For the material below, return exactly the lines starting at the line containing "(forall x, lv x <= #|T|) /\" and ending at the line containing "Definition H_supermagic (TH", both ends included, and no others.

============================================================

(* For every integer $m\geq 2$ and every integer $n\geq 2$, the graph $mB_n$ (the disjoint union of $m$ copies of the book graph $B_n$) is $C_4$-supermagic.
   Context: All graphs are finite and simple. For a graph $H$, a graph $G=(V,E)$ has an $H$-covering if every edge of $G$ belongs to a subgraph of $G$ isomorphic to $H$. For such $G$, an $H$-magic labeling is a bijection $\lambda: V\cup E\to\{1,2,\dots,|V|+|E|\}$ for which there is a constant $c$ such that for every subgraph $H'=(V',E')$ of $G$ isomorphic to $H$, $\sum_{v\in V'}\lambda(v)+\sum_{e\in E'}\lambda(e)=c$. It is $H$-supermagic if moreover $\{\lambda(v):v\in V\}=\{1,\dots,|V|\}$; $G$ is $H$-supermagic if it admits such a labeling. $C_k$ is the cycle of length $k$. $mG$ denotes the disjoint union of $m$ copies of $G$. The book graph $B_n=K_{1,n}\times K_2$ has vertices $u_1,u_2,v_i,w_i$ ($1\le i\le n$) and edges $u_1u_2$, and $u_1w_i$, $u_2v_i$, $v_iw_i$ ($1\le i\le n$). *)

From mathcomp Require Import all_boot.
Set Implicit Arguments. Unset Strict Implicit. Unset Printing Implicit Defensive.

(* A finite simple graph: a vertex finType T with a symmetric irreflexive
   adjacency relation e.  Edges are the 2-element sets {x,y} with e x y. *)
Definition edges (T : finType) (e : rel T) : {set {set T}} :=
  [set A : {set T} | [exists x, exists y, e x y && (A == [set x; y])]].

Definition iso_subgraph (TH : finType) (eH : rel TH) (T : finType) (e : rel T)
    (V' : {set T}) (E' : {set {set T}}) : Prop :=
  E' \subset edges e /\
  exists phi : TH -> T, injective phi /\ V' = phi @: [set: TH] /\
    E' = ((fun A : {set TH} => phi @: A) @: edges eH).

Definition H_covering (TH : finType) (eH : rel TH) (T : finType) (e : rel T) : Prop :=
  forall A, A \in edges e ->
    exists V' E', iso_subgraph eH e V' E' /\ A \in E'.

(* An H-supermagic labeling, given by vertex labels lv and edge labels le:
   together a bijection V u E -> {1..|V|+|E|} (injective with values in that
   range, both sides having |V|+|E| elements), vertex labels exactly
   {1..|V|}, and constant total weight on all subgraphs isomorphic to H. *)
Definition H_supermagic_labeling (TH : finType) (eH : rel TH) (T : finType) (e : rel T)
    (lv : T -> nat) (le : {set T} -> nat) : Prop :=
  let N := #|T| + #|edges e| in
  injective lv /\
  {in edges e &, injective le} /\
  (forall x A, A \in edges e -> lv x <> le A) /\
  (forall x, 1 <= lv x <= N) /\
  (forall A, A \in edges e -> 1 <= le A <= N) /\
  (forall x, lv x <= #|T|) /\
  exists c, forall V' E', iso_subgraph eH e V' E' ->
        \sum_(v in V') lv v + \sum_(A in E') le A = c.

Definition H_supermagic (TH : finType) (eH : rel TH) (T : finType) (e : rel T) : Prop :=
  H_covering eH e /\ exists lv le, H_supermagic_labeling eH e lv le.

Definition C4_adj : rel 'I_4 :=
  fun i j => (j == (i.+1 %% 4) :> nat) || (i == (j.+1 %% 4) :> nat).

(* Book graph B_n: vertices inl false = u1, inl true = u2,
   inr (i,false) = v_i, inr (i,true) = w_i.
   Edges u1u2, u1w_i, u2v_i, v_iw_i. *)
Definition book_vertex (n : nat) := (bool + 'I_n * bool)%type.

Definition book_adj (n : nat) : rel (book_vertex n) :=
  fun x y => match x, y with
  | inl a, inl b => a != b
  | inl a, inr (_, c) => a != c
  | inr (_, c), inl a => a != c
  | inr (i, c), inr (j, d) => (i == j) && (c != d)
  end.

Definition copies (m : nat) (T : finType) (e : rel T) : rel ('I_m * T)%type :=
  fun p q => (p.1 == q.1) && e p.2 q.2.

From mathcomp Require Import all_boot zify.
Set Implicit Arguments. Unset Strict Implicit. Unset Printing Implicit Defensive.

(* The copies of C_4 in mB_n are exactly the pages {u1, u2, v_k, w_k} of the
   copies of B_n, each with its four edges.  Give each of the 5n + 3 vertices
   and edges x of B_n a level l(x), with the 2n + 2 vertices on the lowest
   levels, and an orientation; copy j of x gets the label
   m l(x) + 1 + (j or m - 1 - j, according to the orientation).  On every page
   both orientations occur twice among the vertices and twice among the edges,
   so the copy index cancels from the weight, and the levels of a page add up
   to a constant: l(v_k) + l(w_k) = 2n - 1, and the ranks of the edges
   u2 v_k, v_k w_k, w_k u1 form three columns with constant row sum. *)

Lemma big_set2 (T : finType) (a b : T) (F : T -> nat) :
  a != b -> \sum_(x in [set a; b]) F x = F a + F b.
Proof. by move=> neq_ab; rewrite big_setU1 ?big_set1 // inE. Qed.

Lemma big_set4 (T : finType) (a b c d : T) (F : T -> nat) : uniq [:: a; b; c; d] ->
  \sum_(x in [set a; b; c; d]) F x = F a + F b + F c + F d.
Proof.
move=> abcd; rewrite (eq_bigl (mem [:: a; b; c; d])) => [|x]; last by rewrite !inE -!orbA.
by rewrite -big_uniq //= !big_cons big_nil addn0 !addnA.
Qed.

Lemma card_set4 (T : finType) (a b c d : T) : #|[set a; b; c; d]| <= 4.
Proof.
rewrite (@eq_card _ _ (mem [:: a; b; c; d])) ?card_size // => x.
by rewrite !inE -!orbA.
Qed.

Lemma imset_set2 (aT rT : finType) (f : aT -> rT) a b : f @: [set a; b] = [set f a; f b].
Proof. by rewrite imsetU1 imset_set1. Qed.

Lemma edge_set2 (T : finType) (e : rel T) x y : e x y -> [set x; y] \in edges e.
Proof.
by move=> exy; rewrite inE; apply/existsP; exists x; apply/existsP; exists y; rewrite exy /=.
Qed.

Local Notation c4 k := (@Ordinal 4 k isT).

Lemma setT_ord4 : [set: 'I_4] = [set c4 0; c4 1; c4 2; c4 3].
Proof. by apply/setP => -[[|[|[|[|]]]] ?] //; rewrite !inE. Qed.

Lemma card_edges_C4 : 4 <= #|edges C4_adj|.
Proof.
have side_inj : injective (fun i : 'I_4 => [set i; ordS i]).
  move=> i i' /setP eq_ii'; apply/eqP.
  have := eq_ii' i; have := eq_ii' i'; rewrite !inE !eqxx /= ?orbT.
  by case: i {eq_ii'} => [[|[|[|[|]]]] ?]; case: i' => [[|[|[|[|]]]] ?].
rewrite -[X in X <= _](card_ord 4) -cardsT -(card_imset _ side_inj).
apply/subset_leq_card/subsetP => _ /imsetP [i _ ->]; apply: edge_set2.
by case: i => [[|[|[|[|]]]]].
Qed.

Section SimpleGraph.
Variables (T : finType) (e : rel T).
Hypothesis e_sym : symmetric e.

Definition cycle4 (a0 a1 a2 a3 : T) : bool :=
  [&& e a0 a1, e a1 a2, e a2 a3, e a3 a0 & uniq [:: a0; a1; a2; a3]].

Lemma cycle4_rot a0 a1 a2 a3 : cycle4 a0 a1 a2 a3 = cycle4 a1 a2 a3 a0.
Proof.
rewrite /cycle4 -(rot_uniq 1 [:: a0; a1; a2; a3]).
by apply/and5P/and5P => -[? ? ? ? ?].
Qed.

Lemma cycle4_diag a0 a1 a2 a3 : cycle4 a0 a1 a2 a3 -> (a0 != a2) && (a1 != a3).
Proof.
case/and5P=> _ _ _ _; rewrite /= !inE !negb_or.
by case/and4P=> /and3P [_ -> _] /andP [_ ->].
Qed.

Lemma edge_adj x y : x != y -> [set x; y] \in edges e -> e x y.
Proof.
move=> neq_xy; rewrite inE => /existsP [x' /existsP [y' /andP [e_xy' /eqP xy_def]]].
have: (x \in [set x'; y']) && (y \in [set x'; y']) by rewrite -xy_def !inE !eqxx orbT.
rewrite !inE => /andP [/orP [] /eqP x_def /orP [] /eqP y_def];
  by move: neq_xy; rewrite x_def y_def ?eqxx // e_sym.
Qed.

Lemma C4_subgraph_cycle V' E' : iso_subgraph C4_adj e V' E' ->
  exists a0 a1 a2 a3, cycle4 a0 a1 a2 a3 /\ V' = [set a0; a1; a2; a3].
Proof.
case=> sub [phi [phi_inj [-> E'_def]]].
have adj a b : C4_adj a b -> e (phi a) (phi b).
  move=> ab; apply: edge_adj.
    by rewrite (inj_eq phi_inj); apply: contraTneq ab => ->; case: b => [[|[|[|[|]]]]].
  by rewrite -imset_set2 (subsetP sub) // E'_def imset_f // edge_set2.
exists (phi (c4 0)), (phi (c4 1)), (phi (c4 2)), (phi (c4 3)); split.
  by rewrite /cycle4 !adj //= !inE !(inj_eq phi_inj).
by rewrite setT_ord4 !imsetU !imset_set1.
Qed.

(* Both inclusions are equalities by counting: #|V'| = 4 and #|E'| >= 4. *)
Lemma C4_subgraph_page V' E' (P : {set T}) : iso_subgraph C4_adj e V' E' ->
  V' \subset P -> #|P| <= 4 -> #|[set A in edges e | A \subset P]| <= 4 ->
  V' = P /\ E' = [set A in edges e | A \subset P].
Proof.
case=> sub [phi [phi_inj [V'_def E'_def]]] sub_V'P card_P card_EP.
have V'_P : V' = P.
  by apply/eqP; rewrite eqEcard sub_V'P V'_def card_imset // cardsT card_ord.
split=> //; apply/eqP; rewrite eqEcard; apply/andP; split.
  apply/subsetP => A A_E'; rewrite inE (subsetP sub) //= -V'_P V'_def.
  by move: A_E'; rewrite E'_def => /imsetP [B _ ->]; apply: imsetS; apply: subsetT.
apply: leq_trans card_EP _; rewrite E'_def card_imset; first exact: card_edges_C4.
exact: imset_inj.
Qed.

============================================================

* [Your response]:
  (forall x, lv x <= #|T|) /\
  exists c, forall V' E', iso_subgraph eH e V' E' ->
        \sum_(v in V') lv v + \sum_(A in E') le A = c.

Definition H_supermagic (TH : finType) (eH : rel TH) (T : finType) (e : rel T) : Prop :=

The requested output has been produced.